Геннадий Семенихин - Лунный вариант
— Я больше бифштексами сейчас интересовался, — уже незлобиво усмехнулся Горелов, — голодный был. Не до обзора ручек и ножек.
— Каждому свое, — нравоучительно изрек Убийвовк, — так и в библии, кажется, законспектировано. А вот я на амурные дела готов свою недельную продовольственную норму променять. Никакого аппетита в такую жару.
— А если месячную понадобится? — подначил Горелов.

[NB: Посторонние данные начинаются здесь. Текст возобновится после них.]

(* Let $A$ be a commutative Noetherian regular ring of prime characteristic $p$, let $e\geq 1$, and let $y_1,\ldots,y_n$ be an $A$-Koszul regular sequence, $I_n=\langle y_1,\ldots,y_n\rangle$. Then the Frobenius–Koszul complex $\mathcal{FK}_\bullet(y_1,\ldots,y_n;A)$ is a finite free resolution of $A/I_n$ in the category of left $A[\Theta;F^e]$-modules.
   Context: $F:A\to A$ is the Frobenius map $a\mapsto a^p$ and $F^e$ its $e$-th iterate. The left skew polynomial ring $A[\Theta;F^e]$ is the ring which is a free left $A$-module with basis $\{\Theta^i\}_{i\geq0}$ and multiplication determined by $\Theta a=a^{p^e}\Theta$. A sequence $y_1,\dots,y_n$ in $A$ is Koszul regular if the Koszul complex $K_\bullet(y_1,\ldots,y_n;A)$ has homology only in degree $0$. For $J=\{j_1<\cdots<j_k\}\subseteq\{1,\dots,n\}$ put $\mathbf{e}_J=\mathbf{e}_{j_1}\wedge\cdots\wedge\mathbf{e}_{j_k}$ and $y_J^{p^e-1}=y_{j_1}^{p^e-1}\cdots y_{j_k}^{p^e-1}$ (equal to $1$ if $J=\emptyset$). The Frobenius–Koszul complex $\mathcal{FK}_\bullet(y_1,\ldots,y_n;A)$ has, for $0\le l\le n+1$, $\mathcal{FK}_l$ the free left $A[\Theta;F^e]$-module with basis $\{\mathbf{e}_I:|I|=l\}\cup\{\mathbf{e}_J\wedge u:|J|=l-1\}$, and left $A[\Theta;F^e]$-linear differentials $\partial_l(\mathbf{e}_I)=\sum_{r=1}^l(-1)^{r-1}y_{i_r}\mathbf{e}_{I\setminus\{i_r\}}$ for $I=\{i_1<\dots<i_l\}$ and $\partial_l(\mathbf{e}_J\wedge u)=(-1)^{l-1}(\Theta-y_J^{p^e-1})\mathbf{e}_J+\sum_{r=1}^{l-1}(-1)^{r-1}y_{j_r}^{p^e}\mathbf{e}_{J\setminus\{j_r\}}\wedge u$ for $J=\{j_1<\dots<j_{l-1}\}$. $A/I_n$ is a left $A[\Theta;F^e]$-module with $\Theta$ acting by $\bar a\mapsto \overline{a^{p^e}}$. *)

From HB Require Import structures.
From mathcomp Require Import all_boot all_order all_algebra.
Set Implicit Arguments. Unset Strict Implicit. Unset Printing Implicit Defensive.
Import Order.TTheory GRing.Theory Num.Theory.
Local Open Scope ring_scope.

Section CommAlg.
Variable A : comNzRingType.

Definition in_gen (m : nat) (x : 'I_m -> A) (a : A) : Prop :=
  exists c : 'I_m -> A, a = \sum_(i < m) c i * x i.

Definition is_ideal (S : A -> Prop) : Prop :=
  [/\ S 0, (forall a b, S a -> S b -> S (a + b)) & (forall r a, S a -> S (r * a))].

Definition noetherian : Prop :=
  forall S : A -> Prop, is_ideal S ->
    exists m (x : 'I_m -> A), forall a, S a <-> in_gen x a.

Definition is_prime_ideal (P : A -> Prop) : Prop :=
  [/\ is_ideal P, ~ P 1 & (forall a b, P (a * b) -> P a \/ P b)].

Definition prime_chain_to (P : A -> Prop) (h : nat) : Prop :=
  exists c : nat -> A -> Prop,
    [/\ (forall i, (i <= h)%N -> is_prime_ideal (c i)),
        (forall a, c h a <-> P a) &
        (forall i, (i < h)%N ->
           (forall a, c i a -> c i.+1 a) /\ exists a, c i.+1 a /\ ~ c i a)].

(* the maximal ideal P A_P of the localization A_P is generated by m elements
   (written without localization: x_i/1 generate P A_P iff some s ∉ P
   satisfies s P ⊆ (x_1,...,x_m)) *)
Definition loc_gen (P : A -> Prop) (m : nat) : Prop :=
  exists x : 'I_m -> A, (forall i, P (x i)) /\
    exists s, ~ P s /\ forall a, P a -> in_gen x (s * a).

(* A is regular: for every prime P, A_P is a regular local ring, i.e.
   dim A_P (= height P) equals the minimal number of generators of P A_P *)
Definition regular_ring : Prop :=
  forall P : A -> Prop, is_prime_ideal P ->
    exists h, [/\ prime_chain_to P h, ~ prime_chain_to P h.+1,
                  loc_gen P h & forall m, (m < h)%N -> ~ loc_gen P m].

Variable n : nat.
Variable y : 'I_n -> A.

Definition ksgn (I : {set 'I_n}) (i : 'I_n) : A :=
  (-1) ^+ #|[set k in I | (k < i)%N]|.

Definition kvec := {ffun {set 'I_n} -> A}.

Definition ksingle (J : {set 'I_n}) (c : A) : kvec :=
  [ffun K => if K == J then c else 0].

Definition kbd (I : {set 'I_n}) : kvec :=
  \sum_(i in I) ksingle (I :\ i) (ksgn I i * y i).

Definition kd (f : kvec) : kvec :=
  \sum_(I : {set 'I_n}) [ffun K => f I * kbd I K].

Definition khom (l : nat) (f : kvec) : Prop :=
  forall I : {set 'I_n}, #|I| != l -> f I = 0.

Definition koszul_regular : Prop :=
  forall (l : nat) (f : kvec), (0 < l)%N -> khom l f -> kd f = 0 ->
    exists g, khom l.+1 g /\ kd g = f.

(* An element sum_i a_i Θ^i is represented by the polynomial sum_i a_i X^i
   (coefficients on the left); multiplication uses Θ^i b = b^(p^(e i)) Θ^i. *)
Variables (p e : nat).

Definition skmul (f g : {poly A}) : {poly A} :=
  \poly_(k < size f + size g)
     \sum_(i < k.+1) f`_i * (g`_(k - i)) ^+ (p ^ (e * i)).

(* All FK_l together: basis element (I,false) is e_I (degree |I|),
   (J,true) is e_J ∧ u (degree |J|+1).  An element is its coefficient
   function with values in A[Θ;F^e]. *)
Definition fkvec := {ffun {set 'I_n} * bool -> {poly A}}.

Definition fsingle (z0 : {set 'I_n} * bool) (c : {poly A}) : fkvec :=
  [ffun z => if z == z0 then c else 0].

Definition fkdeg (z : {set 'I_n} * bool) : nat := (#|z.1| + z.2)%N.

Definition fkhom (l : nat) (f : fkvec) : Prop :=
  forall z, fkdeg z != l -> f z = 0.

Definition yJ (J : {set 'I_n}) : A := \prod_(j in J) y j ^+ (p ^ e - 1).

Definition fkbd (z : {set 'I_n} * bool) : fkvec :=
  let I := z.1 in
  if ~~ z.2 then \sum_(i in I) fsingle (I :\ i, false) (ksgn I i * y i)%:P
  else fsingle (I, false) (((-1) ^+ #|I|)%:P * ('X - (yJ I)%:P))
       + \sum_(j in I) fsingle (I :\ j, true) (ksgn I j * y j ^+ (p ^ e))%:P.

Definition fkd (f : fkvec) : fkvec :=
  \sum_(z : {set 'I_n} * bool) [ffun w => skmul (f z) (fkbd z w)].

(* augmentation FK_0 = A[Θ;F^e] -> A/I_n, r ↦ r·1̄ ; Σ a_i Θ^i ↦ class of Σ a_i *)
Definition fkaug (f : fkvec) : A :=
  let q := f (set0, false) in \sum_(i < size q) q`_i.

End CommAlg.

(* Write an element of FK_l as sum_k Theta^k (a_k + b_k /\ u) with a_k, b_k in
   the Koszul complex.  Since Theta^k y = y^(q k) Theta^k for q k = p^(e k), the
   differential acts coefficientwise:
     b_k |-> d_(y^(q (k+1))) b_k,
     a_k |-> d_(y^(q k)) a_k +- (b_(k-1) - y_J^((p^e-1) q k) b_k).
   So FK is glued from the Koszul complexes K(y^(q k)), and these are acyclic:
   Koszul regularity passes from y to y^m one entry at a time, because K(y) is
   the mapping cone of multiplication by y_j on the Koszul complex of the other
   entries, and multiplication by y_j^m inherits from y_j the bijectivity on its
   homology.  A cycle is then a boundary: first correct its b_k, then its a_k.
   In degree 0, d(e_0 /\ u) = Theta - 1, so evaluation at Theta = 1 identifies
   H_0 with A/I_n. *)

From HB Require Import structures.
From mathcomp Require Import all_boot all_order all_algebra.
From mathcomp Require Import ring zify.
Set Implicit Arguments. Unset Strict Implicit. Unset Printing Implicit Defensive.
Import GRing.Theory.
Local Open Scope ring_scope.

(* The scalar action c *: f is coordinatewise multiplication; it is borrowed
   from the regular module A^o. *)
HB.instance Definition _ (A : comNzRingType) (n : nat) :=
  GRing.Lmodule.copy (kvec A n) {ffun {set 'I_n} -> A^o}.

Section KoszulComplex.
Variables (A : comNzRingType) (n : nat).
Implicit Types (z : 'I_n -> A) (f g : kvec A n) (I K : {set 'I_n}).

Lemma kaddE f g I : (f + g) I = f I + g I.
Proof. by rewrite ffunE. Qed.
(* Let $m\ge1$, let $\mathcal{X},\mathcal{A}_1,\dots,\mathcal{A}_m$ be finite sets with $|\mathcal{X}|=d\ge2$, and let $P$ be a probability distribution on $\mathcal{X}\times\mathcal{A}_1\times\cdots\times\mathcal{A}_m$ such that $\omega_{\mathrm{c}}<\omega_{\mathrm{ns}}$. Then there is a no-signalling correlation $Q$ which is a vertex of the no-signalling polytope, which attains $\omega_{\mathrm{ns}}$, and for which there exist $x\in\mathcal{X}$ and $a_1\in\mathcal{A}_1,\dots,a_m\in\mathcal{A}_m$ with $Q(x,\dots,x|a_1,\dots,a_m)>1/d$.
   Context: $\delta$ is the indicator function. An $m$-partite no-signalling correlation is a conditional distribution $Q(x_1,\dots,x_m|a_1,\dots,a_m)$ on $\mathcal{X}^m$ given $(a_1,\dots,a_m)\in\mathcal{A}_1\times\cdots\times\mathcal{A}_m$ such that for every index set $I\subset\{1,\dots,m\}$ with complement $J$, $\sum_{x_J}Q(x_I,x_J|a_I,a_J)$ does not depend on $a_J$; the set of all such $Q$ is a convex polytope (the no-signalling polytope). $\omega_{\mathrm{ns}}=\max_Q\sum_{x,a_1,\dots,a_m}P(x,a_1,\dots,a_m)Q(x,\dots,x|a_1,\dots,a_m)$ over no-signalling $Q$, and $\omega_{\mathrm{c}}=\max_{f_1,\dots,f_m}\sum P(x,a_1,\dots,a_m)\delta[f_1(a_1)=\cdots=f_m(a_m)=x]$ over functions $f_i\colon\mathcal{A}_i\to\mathcal{X}$. *)

From HB Require Import structures.
From mathcomp Require Import all_boot all_order all_algebra.
From mathcomp Require Import reals.
Set Implicit Arguments. Unset Strict Implicit. Unset Printing Implicit Defensive.
Import Order.TTheory GRing.Theory Num.Theory.
Local Open Scope ring_scope.

(* m parties, question sets A i (i : 'I_m), common answer set X. *)
Section NS.
Variables (R : realType) (m : nat) (X : finType) (A : 'I_m -> finType).

Definition inputs := {dffun forall i : 'I_m, A i}.
Definition outputs := {ffun 'I_m -> X}.
Definition corr := outputs -> inputs -> R.

Definition marginal (Q : corr) (I : {set 'I_m}) (x : outputs) (a : inputs) : R :=
  \sum_(y : outputs | [forall i in I, y i == x i]) Q y a.

Definition no_signalling (Q : corr) : Prop :=
  (forall x a, 0 <= Q x a) /\
  (forall a, \sum_(x : outputs) Q x a = 1) /\
  (forall (I : {set 'I_m}) (x : outputs) (a a' : inputs),
      [forall i in I, a i == a' i] -> marginal Q I x a = marginal Q I x a').

Definition ns_vertex (Q : corr) : Prop :=
  no_signalling Q /\
  forall (Q1 Q2 : corr) (t : R), no_signalling Q1 -> no_signalling Q2 ->
    0 < t < 1 -> (forall x a, Q x a = t * Q1 x a + (1 - t) * Q2 x a) ->
    (forall x a, Q1 x a = Q x a) /\ (forall x a, Q2 x a = Q x a).

Definition is_distr (P : X -> inputs -> R) : Prop :=
  (forall x a, 0 <= P x a) /\ \sum_(x : X) \sum_(a : inputs) P x a = 1.

Definition diag (x : X) : outputs := [ffun=> x].

Definition game_value (P : X -> inputs -> R) (Q : corr) : R :=
  \sum_(x : X) \sum_(a : inputs) P x a * Q (diag x) a.

Definition strategies := {dffun forall i : 'I_m, {ffun A i -> X}}.

Definition classical_value (P : X -> inputs -> R) (f : strategies) : R :=
  \sum_(x : X) \sum_(a : inputs)
     P x a * (if [forall i, f i (a i) == x] then 1 else 0).

Definition omega_c (P : X -> inputs -> R) : R :=
  \big[Num.max/0]_(f : strategies) classical_value P f.

Definition attains_omega_ns (P : X -> inputs -> R) (Q : corr) : Prop :=
  no_signalling Q /\ forall Q', no_signalling Q' -> game_value P Q' <= game_value P Q.

(* omega_c < omega_ns (omega_ns is a maximum over the compact NS polytope) *)
Definition omega_c_lt_omega_ns (P : X -> inputs -> R) : Prop :=
  exists Q', no_signalling Q' /\ omega_c P < game_value P Q'.

End NS.

From HB Require Import structures.
From mathcomp Require Import all_boot all_order all_algebra.
From mathcomp Require Import reals boolp.
From mathcomp Require Import lra.
Import Order.TTheory GRing.Theory Num.Theory.
Set Implicit Arguments. Unset Strict Implicit. Unset Printing Implicit Defensive.
Local Open Scope ring_scope.

(* Call a no-signalling Q rigid if every direction of the affine hull of the
   polytope that vanishes wherever Q does is zero.  Rigid points are vertices,
   and a rigid point is determined by its support, so there are finitely many
   of them.  From any no-signalling Q one reaches a rigid point without
   decreasing the game value: move along a nonzero direction supported in
   supp Q, with the sign that does not decrease the value, until some entry
   hits 0.  Hence the best rigid point attains omega_ns.  If all its diagonal
   entries were at most 1/d, its value would be at most 1/d; but answering the
   most likely x on every question already wins with probability at least
   1/d, so 1/d <= omega_c < omega_ns. *)

Section FiniteKeyMax.
Variables (R : realDomainType) (I : finType) (C : Type).
Variables (p : C -> Prop) (key : C -> I) (f : C -> R).
Hypothesis f_key : forall c c', p c -> p c' -> key c = key c' -> f c = f c'.

Lemma ex_max_finite_key_in (K : {set I}) : (exists c, p c /\ key c \in K) ->
  exists2 c, p c & forall c', p c' -> key c' \in K -> f c' <= f c.
Proof.
move: {2}#|K| (leqnn #|K|) => n; elim: n K => [|n IH] K.
  by rewrite leqn0 => /eqP/cards0_eq -> [c []]; rewrite inE.
move=> Kn [c [pc cK]].
have Kc_n : (#|K :\ key c| <= n)%N by rewrite (cardsD1 (key c)) cK in Kn.
have keyK c' : p c' -> key c' \in K -> key c' = key c \/ key c' \in K :\ key c.
  by move=> _ c'K; have [|ne] := eqVneq (key c') (key c); [left | right; rewrite !inE ne].
have [[c1 [pc1 c1K]]|none] := pselect (exists c1, p c1 /\ key c1 \in K :\ key c).
  have [c2 pc2 c2max] := IH _ Kc_n (ex_intro _ c1 (conj pc1 c1K)).
  have [le|lt] := leP (f c) (f c2).
    exists c2 => // c' pc' /(keyK _ pc') [e|]; last exact: c2max.
    by rewrite (f_key pc' pc e).
  exists c => // c' pc' /(keyK _ pc') [e|c'K]; first by rewrite (f_key pc' pc e).
  exact: le_trans (c2max _ pc' c'K) (ltW lt).
exists c => // c' pc' /(keyK _ pc') [e|c'K]; first by rewrite (f_key pc' pc e).
by case: none; exists c'.
Qed.

Lemma ex_max_finite_key : (exists c, p c) ->
  exists2 c, p c & forall c', p c' -> f c' <= f c.
Proof.
move=> [c pc]; have [|c0 pc0 c0max] := @ex_max_finite_key_in setT.
  by exists c; rewrite inE.
by exists c0 => // c' pc'; apply: c0max; rewrite ?inE.
Qed.

End FiniteKeyMax.

Lemma ex_ge_mean (R : realFieldType) (T : finType) (F : T -> R) : (0 < #|T|)%N ->
  exists x, (\sum_y F y) / #|T|%:R <= F x.
Proof.
move=> T_gt0; apply: contrapT => /forallNP lt_mean.
have [y _] := card_gt0P T_gt0.
have : \sum_y F y < \sum_(y : T) (\sum_y F y) / #|T|%:R.
  apply: ltr_sum; first by apply/hasP; exists y => //; exact: mem_index_enum.
  by move=> x _; rewrite ltNge; apply/negP/lt_mean.
by rewrite sumr_const -[X in _ < X]mulr_natr divfK ?ltxx // pnatr_eq0 -lt0n.
Qed.

Section NoSignallingPolytope.
Variables (R : realType) (m : nat) (X : finType) (A : 'I_m -> finType).
Local Notation corr := (corr R X A).
Local Notation outputs := (outputs m X).
Local Notation inputs := (inputs A).

Definition ns_direction (D : corr) : Prop :=
  (forall a, \sum_(x : outputs) D x a = 0) /\
  (forall (I : {set 'I_m}) (x : outputs) (a a' : inputs),
      [forall i in I, a i == a' i] -> marginal D I x a = marginal D I x a').

Definition corr_support (Q : corr) : {set outputs * inputs} :=
  [set k | Q k.1 k.2 != 0].

Definition ns_rigid (Q : corr) : Prop :=
  forall D, ns_direction D -> (forall x a, Q x a = 0 -> D x a = 0) ->
  forall x a, D x a = 0.

Definition corr_shift (Q D : corr) (t : R) : corr := fun x a => Q x a + t * D x a.

Lemma marginal_shift Q D t I x a :
  marginal (corr_shift Q D t) I x a = marginal Q I x a + t * marginal D I x a.
Proof. by rewrite /marginal big_split mulr_sumr. Qed.

Lemma ns_directionN D : ns_direction D -> ns_direction (fun x a => - D x a).
Proof.
move=> [sumD margD]; split=> [a|I x a a' eqa]; first by rewrite sumrN sumD oppr0.
by rewrite /marginal !sumrN; congr (- _); exact: margD.
Qed.

Lemma ns_direction_sub Q1 Q2 : no_signalling Q1 -> no_signalling Q2 ->
  ns_direction (fun x a => Q1 x a - Q2 x a).
Proof.
move=> [_ [sum1 marg1]] [_ [sum2 marg2]].
split=> [a|I x a a' eqa]; first by rewrite sumrB sum1 sum2 subrr.
by rewrite /marginal !sumrB -!/(marginal _ _ _ _) (marg1 _ _ _ _ eqa) (marg2 _ _ _ _ eqa).
Qed.

Lemma no_signalling_shift Q D t : no_signalling Q -> ns_direction D ->
  (forall x a, 0 <= corr_shift Q D t x a) -> no_signalling (corr_shift Q D t).
Proof.
move=> [_ [sumQ margQ]] [sumD margD] ge0; split=> //; split=> [a|I x a a' eqa].
  by rewrite /corr_shift big_split /= -mulr_sumr sumQ sumD mulr0 addr0.
by rewrite !marginal_shift (margQ _ _ _ _ eqa) (margD _ _ _ _ eqa).
Qed.

Lemma ns_rigid_vertex Q : no_signalling Q -> ns_rigid Q -> ns_vertex Q.
Proof.
move=> nsQ rigidQ; split=> // Q1 Q2 t ns1 ns2 /andP[t_gt0 t_lt1] Qmix.
have Q1E x a : Q1 x a = Q x a.
  apply/eqP; rewrite -subr_eq0; apply/eqP; move: x a.
  apply: (rigidQ _ (ns_direction_sub ns1 nsQ)) => x a Qxa.
  have := Qmix x a; have := ns1.1 x a; have := ns2.1 x a; rewrite Qxa.
  have : 0 < 1 - t by rewrite subr_gt0.
  by nra.
split=> // x a; have := Qmix x a; rewrite Q1E.
have : 0 < 1 - t by rewrite subr_gt0.
by nra.
Qed.

Lemma ns_rigid_support_eq V W : no_signalling V -> no_signalling W ->
  ns_rigid V -> corr_support V = corr_support W -> W = V.
Proof.
move=> nsV nsW rigidV suppVW; apply/funext=> x; apply/funext=> a.
apply/eqP; rewrite -subr_eq0; apply/eqP; move: x a.
apply: (rigidV _ (ns_direction_sub nsW nsV)) => x a Vxa.
have : (x, a) \notin corr_support W by rewrite -suppVW inE Vxa eqxx.
by rewrite inE negbK Vxa => /eqP ->; rewrite subr0.
Qed.

Lemma ns_direction_neg_entry D x0 a0 : ns_direction D -> D x0 a0 != 0 ->
  exists k, D k.1 k.2 < 0.
Proof.
move=> [sumD _] Dx0; case: ltrgtP Dx0 => // [neg|pos] _; first by exists (x0, a0).
apply: contrapT => /forallNP nonneg.
have : 0 < \sum_(x : outputs) D x a0.
  rewrite (bigD1 x0) //= ltr_wpDr // sumr_ge0 // => x _.
  by rewrite leNgt; apply/negP => neg; apply: (nonneg (x, a0)).
by rewrite sumD ltxx.
Qed.

Lemma shrink_support Q D : no_signalling Q -> ns_direction D ->
  (forall x a, Q x a = 0 -> D x a = 0) -> (exists k, D k.1 k.2 < 0) ->
  exists2 t, 0 <= t & no_signalling (corr_shift Q D t) /\
    (#|corr_support (corr_shift Q D t)| < #|corr_support Q|)%N.
Proof.
move=> nsQ dirD QD [k0 Dk0].
pose ratio (k : outputs * inputs) := Q k.1 k.2 / - D k.1 k.2.
case: (@arg_minP _ _ _ k0 (fun k => D k.1 k.2 < 0) ratio Dk0) => k Dk kmin.
(* the largest step along D keeping every entry nonnegative; it zeroes entry k *)
set t := ratio k.
have t_ge0 : 0 <= t by rewrite divr_ge0 ?nsQ.1 // oppr_ge0 ltW.
have shift_ge0 x a : 0 <= corr_shift Q D t x a.
  rewrite /corr_shift; case: (ltP (D x a) 0) => [Dxa|Dxa].
    by have := kmin (x, a) Dxa; rewrite -/t /ratio /= ler_pdivlMr ?oppr_gt0 // mulrN; lra.
  by rewrite addr_ge0 ?nsQ.1 // mulr_ge0.
exists t => //; split; first exact: no_signalling_shift.
apply/proper_card/properP; split.
  apply/subsetP=> -[x a]; rewrite !inE /corr_shift; apply: contraNN => /eqP Qxa.
  by rewrite Qxa (QD _ _ Qxa) mulr0 addr0.
exists k; rewrite !inE /corr_shift.
  by apply: contraTneq Dk => /QD ->; rewrite ltxx.
by rewrite negbK /t /ratio invrN mulrN mulNr divfK ?subrr // ltr0_neq0.
Qed.

Variable P : X -> inputs -> R.

Lemma game_value_shift Q D t :
  game_value P (corr_shift Q D t) = game_value P Q + t * game_value P D.
Proof.
rewrite /game_value mulr_sumr -big_split; apply: eq_bigr => x _ /=.
by rewrite mulr_sumr -big_split; apply: eq_bigr => a _; rewrite /corr_shift mulrDr mulrCA.
Qed.

Lemma game_valueN D : game_value P (fun x a => - D x a) = - game_value P D.
Proof.
rewrite /game_value -sumrN; apply: eq_bigr => x _.
by rewrite -sumrN; apply: eq_bigr => a _; rewrite mulrN.
Qed.

Lemma improve_non_rigid Q : no_signalling Q -> ~ ns_rigid Q ->
  exists2 Q', no_signalling Q' &
    (#|corr_support Q'| < #|corr_support Q|)%N /\ game_value P Q <= game_value P Q'.
Proof.
move=> nsQ /existsNP[D /not_implyP[dirD /not_implyP[QD]]].
move=> /existsNP[x /existsNP[a /eqP Dxa]].
wlog vD : D dirD QD Dxa / 0 <= game_value P D.
  move=> base; have [|vD] := leP 0 (game_value P D); first exact: base.
  apply: (base (fun x a => - D x a)); first exact: ns_directionN.
  - by move=> x' a' /QD ->; rewrite oppr0.
  - by rewrite oppr_eq0.
  - by rewrite game_valueN oppr_ge0 ltW.
have [t t_ge0 [nsQ' suppQ']] := shrink_support nsQ dirD QD (ns_direction_neg_entry dirD Dxa).
exists (corr_shift Q D t) => //; split=> //.
by rewrite game_value_shift lerDl mulr_ge0.
Qed.

Lemma ex_rigid_ge Q : no_signalling Q ->
  exists2 V, no_signalling V /\ ns_rigid V & game_value P Q <= game_value P V.
Proof.
move: {2}#|corr_support Q|.+1 (ltnSn #|corr_support Q|) => n.
elim: n Q => // n IH Q suppQ nsQ.
have [rigidQ|/(improve_non_rigid nsQ)[Q' nsQ' [suppQ' leQQ']]] := pselect (ns_rigid Q).
  by exists Q.
have [|V rigidV leQ'V] := IH Q' _ nsQ'; first exact: leq_trans suppQ' suppQ.
by exists V => //; exact: le_trans leQQ' leQ'V.
Qed.

Lemma ex_rigid_attains_omega_ns : (exists Q : corr, no_signalling Q) ->
  exists2 V, ns_rigid V & attains_omega_ns P V.
Proof.
move=> [Q nsQ].
have [V [nsV rigidV] Vmax] : exists2 V, no_signalling V /\ ns_rigid V &
    forall W, no_signalling W /\ ns_rigid W -> game_value P W <= game_value P V.
  apply: (@ex_max_finite_key _ _ _ _ corr_support).
  - by move=> V W [nsV rigidV] [nsW _] /(ns_rigid_support_eq nsV nsW rigidV) ->.
  - by have [V ? _] := ex_rigid_ge nsQ; exists V.
exists V => //; split=> // W nsW.
by have [W' nsW' leWW'] := ex_rigid_ge nsW; exact: le_trans leWW' (Vmax _ nsW').
Qed.

End NoSignallingPolytope.

Section ClassicalBound.
Variables (R : realType) (m : nat) (X : finType) (A : 'I_m -> finType).
Variable P : X -> inputs A -> R.

Definition const_strategy (x : X) : strategies X A := [ffun=> [ffun=> x]].

Lemma classical_value_const x : (0 < m)%N ->
  classical_value P (const_strategy x) = \sum_(a : inputs A) P x a.
Proof.
move=> m_gt0; rewrite /classical_value (bigD1 x) //= [X in _ + X]big1 ?addr0 => [|y yx].
  by apply: eq_bigr => a _; rewrite ifT ?mulr1 //; apply/forallP => i; rewrite !ffunE.
apply: big1 => a _; rewrite ifF ?mulr0 //; apply/negbTE/forallP => /(_ (Ordinal m_gt0)).
by rewrite !ffunE eq_sym (negbTE yx).
Qed.

Lemma omega_c_ge_inv_card : (0 < m)%N -> (0 < #|X|)%N -> is_distr P ->
  #|X|%:R^-1 <= omega_c P.
Proof.
move=> m_gt0 X_gt0 [_ P1].
have [x mean_le] := ex_ge_mean (fun x => \sum_(a : inputs A) P x a) X_gt0.
rewrite P1 mul1r -classical_value_const // in mean_le.
exact: le_trans mean_le (le_bigmax _ _ _).
Qed.

Lemma game_value_le_diag (Q : corr R X A) c : is_distr P ->
  (forall x a, Q (diag m x) a <= c) -> game_value P Q <= c.
Proof.
move=> [P_ge0 P1] Q_le; rewrite -[c]mul1r -P1 mulr_suml; apply: ler_sum => x _.
by rewrite mulr_suml; apply: ler_sum => a _; apply: ler_wpM2l.
Qed.

End ClassicalBound.

Theorem mainTheorem10 (R : realType) (m : nat) (X : finType)
  (A : 'I_m -> finType) (P : X -> inputs A -> R) :
  (1 <= m)%N -> (2 <= #|X|)%N -> is_distr P -> omega_c_lt_omega_ns P ->
  exists Q : corr R X A,
    no_signalling Q /\ ns_vertex Q /\ attains_omega_ns P Q /\
    exists (x : X) (a : inputs A), Q (diag m x) a > (#|X|%:R)^-1.
Proof.
move=> m_gt0 X_ge2 distrP [Q [nsQ omega_c_lt]].
have [V rigidV [nsV Vmax]] := ex_rigid_attains_omega_ns P (ex_intro _ Q nsQ).
exists V; split=> //; split; first exact: ns_rigid_vertex.
split; first by split.
apply: contrapT => no_large_entry.
have diag_le x a : V (diag m x) a <= #|X|%:R^-1.
  by rewrite leNgt; apply/negP => large; apply: no_large_entry; exists x, a.
have := game_value_le_diag distrP diag_le.
have := omega_c_ge_inv_card m_gt0 (ltnW X_ge2) distrP.
have := Vmax _ nsQ.
lra.
Qed.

— И за тем не постою! — пылко воскликнул Убийвовк. — Я же роду Сечи Запорожской, мабудь, догадались. Гулять так гулять. Как там поется в древней студенческой песенке? — И майор внезапно рявкнул громким басом:
Быстры, как волны, дни нашей жизни,
Что ни цепь, то короче к могиле наш путь,
Налей, на-алей, товарищ, заздравную чашу.
Бог знает, что с нами случится впереди.
И вдруг остановил самого себя:
— Виноват, не то хотел для подтверждения мысли своей, а вот это: «Наша жизнь коротка, все уносит с собой, проведемте ж, друзья, эту ночь веселей». Здорово, а? Ось дывысь, мий гарный нарубок, як в этих словах точно сформулирована вся диалектика человеческой жизни. Однако мы долго балакаем. Не пора ли по такой жаре и на боковую?
— Нет, — отозвался Алексей, — я, майор, боковой среди дня не признаю.
— А чем же ее заменяешь?
— Разминками.
— Какими же?
— Умственными и физическими.
— Ничего не понимаю, — пожал плечами Убийвовк. — То ты про наилегчайшие категории по боксу, то про какие-то умственные разминки. Кто ты есть? Я вот, например, точно все про себя тебе сформулирую, загадок никаких. Военный летчик первого класса майор Григорий Убийвовк, Гриньком можешь меня кликать. Все ясно и просто. Гоняю самолеты по всей стране. Иногда и за кордон приходится. В этот гарнизон. Тьмутаракань, так сказать, только по воле командования прибыл. Самолет двухместный тренировочный пригнал. Как примут, свободен буду. Может, назад четырехтурбинный экземпляр гнать придется. В Энск, на завод. Движки заменять пора. Почти весь ресурс выработали.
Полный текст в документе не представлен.